Gemeindeversammlung

Ängste wegen Grossprojekten

Unbestritten: Der Verkauf der Landparzelle im Gebiet des ehemaligen Knabenheims in Oberbipp. (knr)

Oberbipp Projekte

Unbestritten: Der Verkauf der Landparzelle im Gebiet des ehemaligen Knabenheims in Oberbipp. (knr)

Die Bevölkerung von Oberbipp ist verunsichert. An der Gemeindeversammlung kamen Ängste wegen der geplanten Grossprojekte der Sauerkrautfabrik Schöni AG und der Volg AG auf. Der Gemeinderat verspricht eine detaillierte Orientierung.

Kurt Nützi

Das einzige Geschäft - der Verkauf einer Landparzelle für ein Einfamilienhaus im Gebiet des ehemaligen Knabenheims an ein junges Paar - war an der Gemeindeversammlung in Oberbipp unbestritten. Mehr Interesse zeigten die 80 (von 1102) Stimmberechtigten am Traktandum «Verschiedenes». Dort hofften sie, mehr über die zwei südlich der Oberbipper Umfahrungsstrasse geplanten Grossprojekte der Schöni AG im Gebiet «Santichlaus» und der Volg AG zu erfahren.

Vom Grossaufmarsch wurden Gemeindepräsident Rudolf Bieri (SVP) und seine Ratskollegen überrascht. Anstatt - wie üblich - in der Mehrzweckhalle fand die Gemeindeversammlung nämlich im Vereinszimmer im Gemeindehaus statt.

Der Gemeindepräsident informierte über den geplanten Frischdienst Oberbipp der Volg AG im Cholbenmoos. Von Oberbipp aus würden 350 Dorfläden täglich mit Frischprodukten wie Milch, Käse, Eier, Gemüse und Früchte bedient, sagte er. 150 Arbeitsplätze würden im Verteilerzenter entstehen. Ein Verkehrsaufkommen von maximal 50 Lastwagen pro Tag entstünde. Der Gemeinderat besuchte kürzlich in Winterthur ein ähnliches Verteilerzentrum, um sich einen Einblick in das zu Erwartende zu erhalten.

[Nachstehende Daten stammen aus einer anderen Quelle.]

Local Notation run := (reach (filter_prog D) C r (reg_bound D C)).
Local Notation bounded := (regs_le (reg_bound D C)).
Local Notation fetch i o := (@fetch_post D (size D) (filter_post D) IHalt i o).
Local Notation segment i f o := (@run_segment D (size D) (filter_post D) IHalt C r D0 i f o).

Definition filter_inv j (c : config) :=
  exists2 g, c = Config (seg_start D j) g [seq i <- iota 0 j | extendable D C r i] &
  fixed_regs C g.

Lemma filter_segment j c : j < size D -> bounded (regs c) -> filter_inv j c ->
  run c (5 + 9 * size C + 6) (filter_inv j.+1).
Proof.
move=> j_lt cB [g c_eq g_fix]; subst c.
apply: reach_seq (segment j g _ j_lt cB g_fix) _.
move=> c1 hB [h c1_eq [[_ h3 h4] gh]]; subst c1.
have h_fix : fixed_regs C h := fixed_regs_agree g_fix gh.
have [_ h6 _] := h_fix.
set o := [seq i <- iota 0 j | extendable D C r i].
have next_out : [seq i <- iota 0 j.+1 | extendable D C r i] =
    if extendable D C r j then rcons o j else o.
  by rewrite -addn1 iotaD filter_cat /= -cats1; case: extendable; rewrite ?cats0.
have ext : extendable D C r j = (r < h 3) || ((r == h 3) && (0 < h 4)).
  by rewrite /extendable ltn_mul_divmod // h3 h4.
have skip : ~~ extendable D C r j ->
    run (Config (seg_start D j.+1) h o) 0 (filter_inv j.+1).
  by move=> /negbTE not_ext; apply: reach_now => //; exists h; rewrite // next_out not_ext.
have emit q : q = seg_exit D j + 3 -> extendable D C r j ->
    run (Config q h o) 3 (filter_inv j.+1).
  move=> -> is_ext.
  exec (fetch j 3); exec (fetch j 4); exec (fetch j 5).
  apply: reach_now; first by bounds.
  exists (upd h 9 j); first by rewrite next_out is_ext updE eqxx.
  by case: h_fix => *; split; rewrite updE.
exec_with (fetch j 0) ltac:(rewrite /filter_post).
case: ltnP => [h3_lt | h3_ge].
  by apply: reach_mono (skip _); rewrite // ext; lia.
exec_with (fetch j 1) ltac:(rewrite /filter_post).
case: ltnP => [r_lt | r_ge].
  by apply: reach_mono (emit _ _ _); rewrite // ?ext; lia.
exec_with (fetch j 2) ltac:(rewrite /filter_post h6).
case: ltnP => [h4_lt | h4_ge].
  by apply: reach_mono (skip _); rewrite // ext; lia.
by apply: reach_mono (emit _ _ _); rewrite // ?ext; lia.
Qed.

Lemma filter_prog_run :
  runs_within (filter_prog D) C r (3 + size D * (5 + 9 * size C + 6))
    (nregs (filter_prog D) * bitlen (reg_bound D C))
    [seq i <- iota 0 (size D) | extendable D C r i].
Proof.
apply: reach_runs_within => //; apply: run_prelude => //.
apply: reach_weaken (reach_iter filter_segment _ _); last 2 first.
- by rewrite /init_regs; bounds.
- by exists (init_regs C).
move=> _ [g -> _]; split=> //.
by rewrite /step (@fetch_fin D (size D) (filter_post D) IHalt).
Qed.

End FilterProgram.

Orientierung wird versprochen

Kritischere Voten wurden zum bedeutend grösseren Schöni-Projekt geäussert. Roland Engeler befürchtet, dass Oberbipp durch das Grossprojekt seinen ländlichen Charakter verliert. Er und Altgemeindepräsident Fritz Obi forderten eine lückenlose Orientierung über das Gross-projekt und ein mehrere Monate dauerndes Mitwirkungsverfahren. Arthur Mätzener verlangte eine ausserordentliche Orientierungsversammlung vor dem eigentlichen Mitwirkungsverfahren.

Rudolf Bieri wehrte sich für den eingeschlagenen Weg des Gemeinderates: «Wir treten erst an die Öffentlichkeit, wenn die Schöni AG ein uns überzeugendes Projekt vorlegt. Danach muss dieses dem Amt für Gemeinden und Raumordnung - dem AGR - in Bern mitsamt den Mitwirkungsbegehren der Oberbipper Bevölkerung vorgelegt werden.» Zuletzt könne der Souverän zur Umzonung und zum Verkauf ja oder nein sagen. Der Antrag wurde daraufhin zurückgezogen.

Walter Ischi, Präsident der Oberbipper FDP, forderte die 80 Stimmberechtigten auf: «Lasst den Gemeinderat in Ruhe arbeiten.» Arthur Mätzener beschloss die von Ängsten dominierte Diskussion: «Vergesst beim Planen die Lebensqualität der Oberbipper nicht.»

Die Volg AG würde das ganze Grundstück im Cholbenmoos für 130 Franken pro Quadratmeter kaufen und die gesamten Erschliessungskosten selber tragen. Bieri zum Volg-Projekt: «Es bringt uns steuerliche Vorteile und ist positiv für unsere Mehrwertabschöpfung. Der einzige Nachteil ist, dass Landwirtschaftsland verschwindet.»